Castle Peak - April 2019
A short overnighter with some of the boy scouts, and a good chance to test out some new gear! Participants: myself, Richard, Hagen, Jack, Mrs. Qiu, Mrs. Kao, and Mr. Liu. Big thanks to Mr. Liu and Hagen's dad+brother especially for driving! Some new gear I tried out: Scarpa Inverno (too warm haha, need to add more insoles to properly frontpoint), Black Diamond sabertooth crampons (old generation, the black ones, I messed with them in camp and they kept falling off the next day, oops!), Gregory Denali pro 115L (literally a whale, overkill but seems trusty and very comfortable with the 50 pounds I had on).
We began at the trailhead off I-80, then snowshoed about 2 miles to our campsite just below the pass west of Castle Peak.
weird trailhead
Sunset from camp
We were at camp by about 2 pm, so we had a lot of time to kill. We made nice snow walls for our tents, and Hagen even dug a little snow cave. We also dug a premium cooking and seating area for the seven of us. I told Jack the story of "Nate the snake," which he had never heard before. I managed to drag it out for a whole hour, and he was not happy at the end! We slept at 8pm, with the help of the melatonin I brought along.

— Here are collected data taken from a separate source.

Lemma card_fixed_cycles j : #|fixed_cycles j| = #|[set D in extDip | j != vcol G D.1]|.
Proof.
apply: card_in_imset => D E; rewrite !inE => /andP[dD nD] /andP[dE nE].
rewrite (porbit_fixed (facePerm_fixed _ nD)) ?(porbit_fixed (facePerm_fixed _ nE)) ?inE //.
exact: set1_inj.
Qed.

(* Each external dipole is fixed by the five colours it is joined by. *)
Lemma sum_fixed_cycles : \sum_(j < 6) #|fixed_cycles j| = 5 * #|extDip|.
Proof.
rewrite (eq_bigr (fun j => \sum_D ((D \in extDip) && (j != vcol G D.1)))); last first.
  by move=> j _; rewrite card_fixed_cycles card_set_sum.
have -> : #|extDip| = \sum_D (D \in extDip).
  by rewrite -card_set_sum; apply: eq_card => D; rewrite inE.
rewrite exchange_big /= big_distrr /=; apply: eq_bigr => D _.
case: (D \in extDip) => /=; last by rewrite muln0 big1.
by rewrite muln1 sum_neq card_ord.
Qed.

Lemma sum_colour_sets : \sum_(j < 6) #|colour_set G j| = V.
Proof.
rewrite (eq_bigr (fun j => \sum_v (j == vcol G v))); last first.
  by move=> j _; rewrite card_set_sum.
rewrite exchange_big /= (eq_bigr (fun _ => 1)); last by move=> v _; rewrite sum_eq1.
by rewrite sum_nat_const card_ord muln1.
Qed.

(* The excess counts the cycles through external dipoles of their own colour;
   it is at least 1 per colour class of external dipoles. *)
Definition excess := \sum_(j < 6) #|twisted_cycles j|.

Lemma closed_faces_upper : n_closed_faces G + 5 * #|extDip| + excess + V <= 6 * V.+1.
Proof.
have total : \sum_(j < 6) (#|closed_faces_j G j| + #|hit_cycles j| + #|colour_set G j|)
    = 6 * V.+1.
  by rewrite (eq_bigr (fun _ => V.+1)) ?sum_nat_const ?card_ord // => j _; exact: closed_hit_colour.
have hit : \sum_(j < 6) (#|fixed_cycles j| + #|twisted_cycles j|) <= \sum_(j < 6) #|hit_cycles j|.
  by apply: leq_sum => j _; exact: hit_cycles_ge.
rewrite !big_split /= sum_colour_sets in total; rewrite big_split /= sum_fixed_cycles in hit.
rewrite /n_closed_faces /excess; move: total hit.
by move: (\sum_(j < 6) _) (\sum_(j < 6) #|hit_cycles j|) (\sum_(j < 6) #|twisted_cycles j|); lia.
Qed.

(* The competitor: G with every vertex recoloured by the first colour. *)
Definition monochrome : feyngraph V := FGraph (fun _ : 'I_V => (ord0 : 'I_6)) (prop G).

Lemma colour_set_monochrome j : j != ord0 -> colour_set monochrome j = set0.
Proof. by move=> nj; apply/setP => v; rewrite !inE /=; exact: negbTE. Qed.

Lemma ext_keys_monochrome j : j != ord0 -> ext_keys monochrome j = extDip.
Proof.
move=> nj; apply/setP => D; apply/imsetP/idP => [[y ey ->]|dD].
  have ey' : external G y by move: ey; rewrite inE.
  by rewrite /face_key colour_set_monochrome // twist0 if_same -externalE.
exists (dblack D); last by rewrite face_key_dblack.
by rewrite inE; change (external G (dblack D)); rewrite externalE dip_of_dblack.
Qed.

(* For the other colours no vertex is twisted: its closed faces are the loop
   vertices of G0 other than the tadpoles of external dipoles. *)
Lemma closed_faces_monochrome j : j != ord0 ->
  #|closed_faces_j monochrome j| + #|extDip| = V.+1.
Proof.
move=> nj; rewrite (@card_closed_faces _ G0 monochrome wf0 vac0 sub j).
rewrite ext_keys_monochrome // colour_set_monochrome // facePerm0.
rewrite -(card_loops wf0 vac0 tree).
rewrite -(card_split (porbits loopPerm) (fun O => [disjoint O & extDip])).
congr (_ + _).
have -> : [set O in porbits loopPerm | ~~ [disjoint O & extDip]] = (@set1 (dip V)) @: extDip.
  apply/setP => O; rewrite inE; apply/andP/imsetP => [[/imsetP[X _ ->] nd]|[D dD ->]].
    case/pred0Pn: nd => D /andP[/= DO dD]; exists D => //.
    have : porbit loopPerm D = porbit loopPerm X by apply/eqP; rewrite eq_porbit_mem.
    by move=> <-; rewrite (porbit_fixed (extDip_tadpole dD)).
  rewrite -(porbit_fixed (extDip_tadpole dD)); split; first exact: imset_f.
  by apply/pred0Pn; exists D; rewrite /= porbit_id dD.
by rewrite card_imset //; exact: set1_inj.
Qed.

We woke up at 4:00 the next day (3:30 for Hagen and I, not used to getting any more than 7 hours of sleep I guess), so it was a nice and fresh alpine start. The snow was nice and firm, but my crampons kept falling off for the first hundred feet. The previous night I had made them slightly larger because they weren't going on my boots properly (turns out I wasn't doing it right). Seems like they were in the correct position previously. I ditched them somewhere in the snow and came back for it once we were done.
fresh start
The moon was bright enough to see quite well at night!
Towards the end the slope angle began to exceed what some of us were comfortable with on our snowshoes. I'd guess some snowshoes were just designed for more moderate terrain. I think Mrs. Qiu slid down the slope for some distance when she tried to sit down, thankfully she managed to stop very quickly. After that we called it quits and went back down. We were about 150-200 feet off the summit.

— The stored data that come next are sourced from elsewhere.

(* Fix $k$, $\theta^{(k)}\in\mathbb{R}^d$, step sizes $h_k,h_{k-1}>0$, $\beta_k\ge 0$, and a vector $p^{(k-1)}\in\mathbb{R}^d$; set $\theta^{(k-1)}=\theta^{(k)}-h_{k-1}p^{(k-1)}$. Define the natural Heavy-Ball momentum $$p^{(k)}=\beta_k\,G_X^{(k)\dagger}G_X^{(k,k-1)}p^{(k-1)}-h_k\,G^{(k)\dagger}\nabla L(\theta^{(k)})$$ and the quasi-natural Heavy-Ball momentum $$\overline{p^{(k)}}=\beta_k\,p^{(k-1)}-h_k\,G^{(k)\dagger}\nabla L(\theta^{(k)}).$$ Then $$\big\|\psi^{(k)T}\overline{p^{(k)}}-\psi^{(k)T}p^{(k)}\big\|_X\le h_{k-1}\,\beta_k\,\kappa_{\max}(\theta^{(k)})\,\|p^{(k-1)}\|_2^2+o\big(h_{k-1}\|p^{(k-1)}\|_2^2\big),$$ where the remainder $o(h_{k-1}\|p^{(k-1)}\|_2^2)$ is understood as $h_{k-1}\|p^{(k-1)}\|_2\to 0$ with $\theta^{(k)}$ fixed.
   Context: $D:\mathbb{R}^d\to H$ is a twice continuously Fréchet differentiable map into a space $H$ of functions equipped with an inner product $(\cdot,\cdot)_X$ and norm $\|\cdot\|_X$ (the model class is $\mathcal{M}=D(\mathbb{R}^d)$). Write $\psi(\theta)=(\psi_1(\theta),\dots,\psi_d(\theta))$ with $\psi_i(\theta)=\frac{\partial D}{\partial\theta_i}(\theta)$, and for $c\in\mathbb{R}^d$, $\psi(\theta)^Tc=\sum_i c_i\psi_i(\theta)$. Let $\psi^{(j)}=\psi(\theta^{(j)})$. $G_X^{(k)}$ is the $d\times d$ Gram matrix with entries $(\psi^{(k)}_i,\psi^{(k)}_j)_X$, $G_X^{(k,k-1)}$ is the cross-Gram matrix with entries $(\psi^{(k)}_i,\psi^{(k-1)}_j)_X$, and $\dagger$ denotes the Moore–Penrose pseudo-inverse. $G^{(k)}$ is any symmetric positive semi-definite $d\times d$ matrix (Gram matrix of $\psi^{(k)}$ for some inner product $W$) and $\nabla L(\theta^{(k)})\in\mathbb{R}^d$ is the gradient of the parameter loss $L=\mathcal{L}\circ D$; these terms are the same in both momenta. $H_D(\theta):\mathbb{R}^d\times\mathbb{R}^d\to H$ denotes the second derivative (Hessian) of $D$ at $\theta$, and the maximal curvature is $\kappa_{\max}(\theta)=\max_{q\in\mathbb{R}^d,\|q\|_2=1}\|H_D(\theta)(q,q)\|_X$. *)

From HB Require Import structures.
From mathcomp Require Import all_boot all_order all_algebra.
From mathcomp Require Import all_classical all_reals all_analysis.
Set Implicit Arguments. Unset Strict Implicit. Unset Printing Implicit Defensive.
Import Order.TTheory GRing.Theory Num.Theory.
Import numFieldNormedType.Exports.
Local Open Scope classical_set_scope.
Local Open Scope ring_scope.

Section Defs.
Context {R : realType}.

Definition is_inner_product (H : normedModType R) (ip : H -> H -> R) : Prop :=
  [/\ (forall x y, ip x y = ip y x),
      (forall (a : R) (x y z : H), ip (a *: x + y) z = a * ip x z + ip y z) &
      (forall x, ip x x = `|x| ^+ 2)].

Definition evec (d : nat) (i : 'I_d) : 'cV[R]_d := delta_mx i 0.

Definition norm2 (d : nat) (c : 'cV[R]_d) : R := Num.sqrt (\sum_i c i 0 ^+ 2).

Variable H : normedModType R.

Definition psi (d : nat) (D : 'cV[R]_d -> H) (th : 'cV[R]_d) (i : 'I_d) : H :=
  'd D th (evec i).

Definition psiT (d : nat) (D : 'cV[R]_d -> H) (th c : 'cV[R]_d) : H :=
  \sum_i c i 0 *: psi D th i.

Definition hessD (d : nat) (D : 'cV[R]_d -> H) (th u v : 'cV[R]_d) : H :=
  'd (fun x => 'd D x v) th u.

Definition C2 (d : nat) (D : 'cV[R]_d -> H) : Prop :=
  [/\ (forall x, differentiable D x),
      (forall v x, differentiable (fun y => 'd D y v) x) &
      (forall u v, continuous (fun x => hessD D x u v))].

Definition gram (d : nat) (ip : H -> H -> R) (D : 'cV[R]_d -> H)
  (th1 th2 : 'cV[R]_d) : 'M[R]_d :=
  \matrix_(i, j) ip (psi D th1 i) (psi D th2 j).

Definition kappa_max (d : nat) (D : 'cV[R]_d -> H) (th : 'cV[R]_d) : R :=
  sup [set `|hessD D th q q| | q in [set q : 'cV[R]_d | norm2 q = 1]].

Definition gradL (d : nat) (Lf : H -> R) (D : 'cV[R]_d -> H) (th : 'cV[R]_d)
  : 'cV[R]_d := \col_i 'd (Lf \o D) th (evec i).

End Defs.

Definition penrose {R : realType} (d : nat) (A B : 'M[R]_d) : Prop :=
  [/\ A *m B *m A = A, B *m A *m B = B, (A *m B)^T = A *m B & (B *m A)^T = B *m A].

Definition mp_pinv {R : realType} (d : nat) (A : 'M[R]_d) : 'M[R]_d :=
  xget 0 [set B | penrose A B].

Definition sym_psd {R : realType} (d : nat) (A : 'M[R]_d) : Prop :=
  A^T = A /\ forall c : 'cV[R]_d, 0 <= (c^T *m A *m c) 0 0.

(* The two momenta differ by beta (p - B C p), where B is the pseudo-inverse
   of the Gram matrix of psi(theta_k) and C the cross-Gram matrix with
   psi(theta_(k-1)).  Mapped through psi(theta_k)^T, the vector B C p becomes the
   orthogonal projection of psi(theta_(k-1))^T p onto the span of psi(theta_k),
   so its distance to psi(theta_k)^T p is at most that of psi(theta_(k-1))^T p.
   Since theta_(k-1) = theta_k - h p, a first-order Taylor expansion of psi at
   theta_k shows that this last distance is |h H_D(theta_k)(p, p)| + o(h |p|^2),
   and |H_D(theta_k)(p, p)| <= kappa_max(theta_k) |p|^2. *)

From HB Require Import structures.
From mathcomp Require Import all_boot all_order all_algebra.
From mathcomp Require Import all_classical all_reals all_analysis.
From mathcomp Require Import ring.
Import Order.TTheory GRing.Theory Num.Theory.
Import numFieldNormedType.Exports.
Local Open Scope ring_scope.

Set Implicit Arguments.
Unset Strict Implicit.
Unset Printing Implicit Defensive.

Lemma trmx_mul_row_free (R : realFieldType) r n (M : 'M[R]_(r, n)) :
  row_free M -> M *m M^T \in unitmx.
Proof.
move=> freeM; rewrite -row_free_unit -kermx_eq0; apply/eqP/row_matrixP => i.
rewrite row0; set u := row i _.
have uMMt0 : u *m (M *m M^T) = 0 by rewrite /u -row_mul mulmx_ker row0.
have uM0 : ((u *m M) *m (u *m M)^T) 0 0 = 0.
  by rewrite trmx_mul mulmxA -(mulmxA u) uMMt0 mul0mx mxE.
suff : u *m M = 0 by move/eqP; rewrite mulmx_free_eq0 // => /eqP.
apply/rowP => j; rewrite mxE; move: uM0; rewrite mxE => /psumr_eq0P.
have sq_ge0 k : true -> 0 <= (u *m M) 0 k * (u *m M)^T k 0.
  by move=> _; rewrite !mxE -expr2 sqr_ge0.
by move=> /(_ sq_ge0 j isT) /eqP; rewrite !mxE mulf_eq0 orbb => /eqP.
Qed.

Lemma penrose_rank_factor (R : realType) n r (F : 'M[R]_(n, r)) (G : 'M[R]_(r, n)) :
  row_free F^T -> row_free G -> exists B, penrose (F *m G) B.
Proof.
move=> freeFt freeG.
have uF : F^T *m F \in unitmx by rewrite -[X in _ *m X]trmxK trmx_mul_row_free.
have uG : G *m G^T \in unitmx by rewrite trmx_mul_row_free.
set X := G^T *m invmx (G *m G^T); set Y := invmx (F^T *m F) *m F^T.
have GX : G *m X = 1%:M by rewrite /X mulmxA mulmxV.
have YF : Y *m F = 1%:M by rewrite /Y -mulmxA mulVmx.
have AB : F *m G *m (X *m Y) = F *m Y by rewrite -mulmxA (mulmxA G) GX mul1mx.
have BA : X *m Y *m (F *m G) = X *m G by rewrite mulmxA -(mulmxA X) YF mulmx1.
exists (X *m Y); split.
- by rewrite AB mulmxA -(mulmxA F) YF mulmx1.
- by rewrite BA -mulmxA (mulmxA G) GX mul1mx.
- by rewrite AB trmx_mul /Y trmx_mul trmxK trmx_inv trmx_mul trmxK mulmxA.
- by rewrite BA trmx_mul /X trmx_mul trmxK trmx_inv trmx_mul trmxK mulmxA.
Qed.

Lemma penrose_exists (R : realType) n (A : 'M[R]_n) : exists B, penrose A B.
Proof.
rewrite -{1}(mulmx_base A); apply: penrose_rank_factor (row_base_free A).
by rewrite /row_free mxrank_tr; apply: col_base_full.
Qed.

Lemma penrose_unique (R : realType) n (A B C : 'M[R]_n) :
  penrose A B -> penrose A C -> B = C.
Proof.
move=> [B1 B2 B3 B4] [C1 C2 C3 C4].
have eB : B = B *m A *m C.
  have BBtAt : B = B *m (B^T *m A^T) by rewrite -trmx_mul B3 mulmxA B2.
  have AtACt : A^T = A^T *m (A *m C)^T by rewrite -trmx_mul C1.
  rewrite {1}BBtAt {1}AtACt (mulmxA B^T) -trmx_mul B3 C3.
  by rewrite !mulmxA B2.
have eC : C = B *m A *m C.
  have AtCtC : C = A^T *m C^T *m C by rewrite -trmx_mul C4 C2.
  have BAAt : A^T = (B *m A)^T *m A^T by rewrite -trmx_mul mulmxA B1.
  rewrite {1}AtCtC {1}BAAt -(mulmxA _ A^T) -trmx_mul C4 B4.
  by rewrite -!mulmxA (mulmxA C) C2.
by rewrite {1}eB -eC.
Qed.

Lemma penrose_tr (R : realType) n (A B : 'M[R]_n) : penrose A B -> penrose A^T B^T.
Proof.
move=> [AB1 AB2 AB3 AB4]; split.
- by rewrite -!trmx_mul mulmxA AB1.
- by rewrite -!trmx_mul mulmxA AB2.
- by rewrite -trmx_mul AB4.
- by rewrite -trmx_mul AB3.
Qed.

Lemma mp_pinvP (R : realType) n (A : 'M[R]_n) : penrose A (mp_pinv A).
Proof. by apply: xgetPex; apply: penrose_exists. Qed.

Lemma mp_pinv_sym (R : realType) n (A : 'M[R]_n) : A^T = A -> (mp_pinv A)^T = mp_pinv A.
Proof.
move=> symA; apply: (@penrose_unique _ _ A); last exact: mp_pinvP.
by rewrite -{1}symA; apply/penrose_tr/mp_pinvP.
Qed.

Definition lincomb (R : pzRingType) (V : lmodType R) d (v : 'I_d -> V) (c : 'cV[R]_d) : V :=
  \sum_i c i 0 *: v i.

Lemma lincomb_is_linear (R : comPzRingType) (V : lmodType R) d (v : 'I_d -> V) :
  linear (lincomb v).
Proof.
move=> a c c'; rewrite /lincomb scaler_sumr -big_split /=.
by apply: eq_bigr => i _; rewrite !mxE scalerDl scalerA.
Qed.

HB.instance Definition _ (R : comPzRingType) (V : lmodType R) d (v : 'I_d -> V) :=
  GRing.isLinear.Build R 'cV[R]_d V *:%R (lincomb v) (lincomb_is_linear v).

Definition gram_mx (R V : Type) (ip : V -> V -> R) d (v w : 'I_d -> V) :
  'M[R]_d := \matrix_(i, j) ip (v i) (w j).

Section InnerProduct.
Variables (R : realType) (H : normedModType R) (ip : H -> H -> R).
Hypothesis ipH : is_inner_product ip.

Lemma ipC x y : ip x y = ip y x.
Proof. by have [] := ipH. Qed.

Lemma ip_norm x : ip x x = `|x| ^+ 2.
Proof. by have [] := ipH. Qed.

Lemma ipBl x y z : ip (x - y) z = ip x z - ip y z.
Proof.
have [_ lin _] := ipH; have := lin (-1) y x z.
by rewrite scaleN1r mulN1r [- y + x]addrC => ->; rewrite addrC.
Qed.

Lemma ipBr x y z : ip z (x - y) = ip z x - ip z y.
Proof. by rewrite ipC ipBl !(ipC z). Qed.

Lemma ip0l z : ip 0 z = 0.
Proof. by have := ipBl 0 0 z; rewrite !subrr. Qed.

Lemma ip_suml d (c : 'I_d -> R) (v : 'I_d -> H) z :
  ip (\sum_i c i *: v i) z = \sum_i c i * ip (v i) z.
Proof.
have [_ lin _] := ipH.
by elim/big_rec2: _ => [|i y1 y2 _ <-]; rewrite ?ip0l ?lin.
Qed.

Lemma ip_lincomb d (v w : 'I_d -> H) c c' :
  ip (lincomb v c) (lincomb w c') = (c^T *m gram_mx ip v w *m c') 0 0.
Proof.
rewrite ip_suml mxE; under [RHS]eq_bigr do rewrite mxE big_distrl.
rewrite exchange_big; apply: eq_bigr => i _ /=.
rewrite ipC ip_suml mulr_sumr; apply: eq_bigr => j _.
by rewrite !mxE (ipC (w j)) -mulrA (mulrC (ip _ _)).
Qed.

Lemma ip_lincomb_l d (v : 'I_d -> H) c z :
  ip (lincomb v c) z = (c^T *m \col_i ip (v i) z) 0 0.
Proof. by rewrite ip_suml mxE; apply: eq_bigr => i _; rewrite !mxE. Qed.

Lemma gram_mulmx d (v w : 'I_d -> H) c :
  gram_mx ip v w *m c = \col_i ip (v i) (lincomb w c).
Proof.
apply/colP => i; rewrite !mxE ipC ip_suml; apply: eq_bigr => j _.
by rewrite !mxE ipC mulrC.
Qed.

Lemma lincomb_eq0_of_gram d (v : 'I_d -> H) z :
  gram_mx ip v v *m z = 0 -> lincomb v z = 0.
Proof.
move=> Pz; apply/eqP; rewrite -normr_eq0 -sqrf_eq0 -ip_norm ip_lincomb.
by rewrite -mulmxA Pz mulmx0 mxE.
Qed.

Lemma norm_le_of_ip_proj e y : ip y y = ip e y -> `|y| <= `|e|.
Proof.
move=> yy; have pythagoras : `|e| ^+ 2 = `|e - y| ^+ 2 + `|y| ^+ 2.
  by rewrite -!ip_norm ipBl !ipBr (ipC y e) -yy opprB addrA !subrK.
by rewrite -ler_sqr ?nnegrE // pythagoras lerDr sqr_ge0.
Qed.

Lemma lincomb_pinv_gram_le d (v w : 'I_d -> H) B p :
  penrose (gram_mx ip v v) B -> B^T = B ->
  `|lincomb v p - lincomb v (B *m gram_mx ip v w *m p)| <= `|lincomb v p - lincomb w p|.
Proof.
set P := gram_mx ip v v; set C := gram_mx ip v w => -[PBP BPB _ _] symB.
set e := lincomb v p - lincomb w p; set a := \col_i ip (v i) e.
have Ea : a = P *m p - C *m p.
  by apply/colP => i; rewrite !gram_mulmx !mxE ipBr.
have -> : lincomb v p - lincomb v (B *m C *m p) =
          lincomb v (p - B *m P *m p) + lincomb v (B *m a).
  by rewrite -!linearB -linearD /= Ea mulmxBr !mulmxA addrA subrK.
have -> : lincomb v (p - B *m P *m p) = 0.
  by apply: lincomb_eq0_of_gram; rewrite mulmxBr !mulmxA PBP subrr.
(* [lincomb v (B *m a)] is the orthogonal projection of [e] onto the span of [v]. *)
rewrite add0r; apply: norm_le_of_ip_proj.
rewrite ip_lincomb ipC ip_lincomb_l -/a trmx_mul symB.
have BPBa : B *m (P *m (B *m a)) = B *m a by rewrite !mulmxA BPB.
by rewrite -!mulmxA BPBa.
Qed.

End InnerProduct.

Lemma lincomb_evec (R : realType) d (c : 'cV[R]_d) : lincomb (@evec R d) c = c.
Proof. by rewrite [RHS]matrix_sum_delta; apply: eq_bigr => i _; rewrite big_ord1. Qed.

Lemma norm2_ge0 (R : realType) d (c : 'cV[R]_d) : 0 <= norm2 c.
Proof. exact: sqrtr_ge0. Qed.

Lemma norm2_entry (R : realType) d (c : 'cV[R]_d) i : `|c i 0| <= norm2 c.
Proof.
rewrite -sqrtr_sqr ler_sqrt; last by rewrite sumr_ge0 // => j _; rewrite sqr_ge0.
by rewrite (bigD1 i) //= lerDl sumr_ge0 // => j _; rewrite sqr_ge0.
Qed.

Lemma norm2Z (R : realType) d (a : R) (c : 'cV[R]_d) : norm2 (a *: c) = `|a| * norm2 c.
Proof.
rewrite /norm2 -sqrtr_sqr -sqrtrM ?sqr_ge0 // mulr_sumr.
by congr Num.sqrt; apply: eq_bigr => i _; rewrite mxE exprMn.
Qed.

The atmosphere was quite something to behold that day! For the entire climb the wind was pelting us with the tiny snow crystals blowing off the slopes, and we were climbing within a litle cloud for most of the time. As the sun rose, clouds began to develop on the hills below us, and their tops were tinted orange-pink in the sunrise.
A beautiful Easter sunrise covered by fog!
We came back down to our campsite at around 9 and packed up and headed back to the trailhead by 11.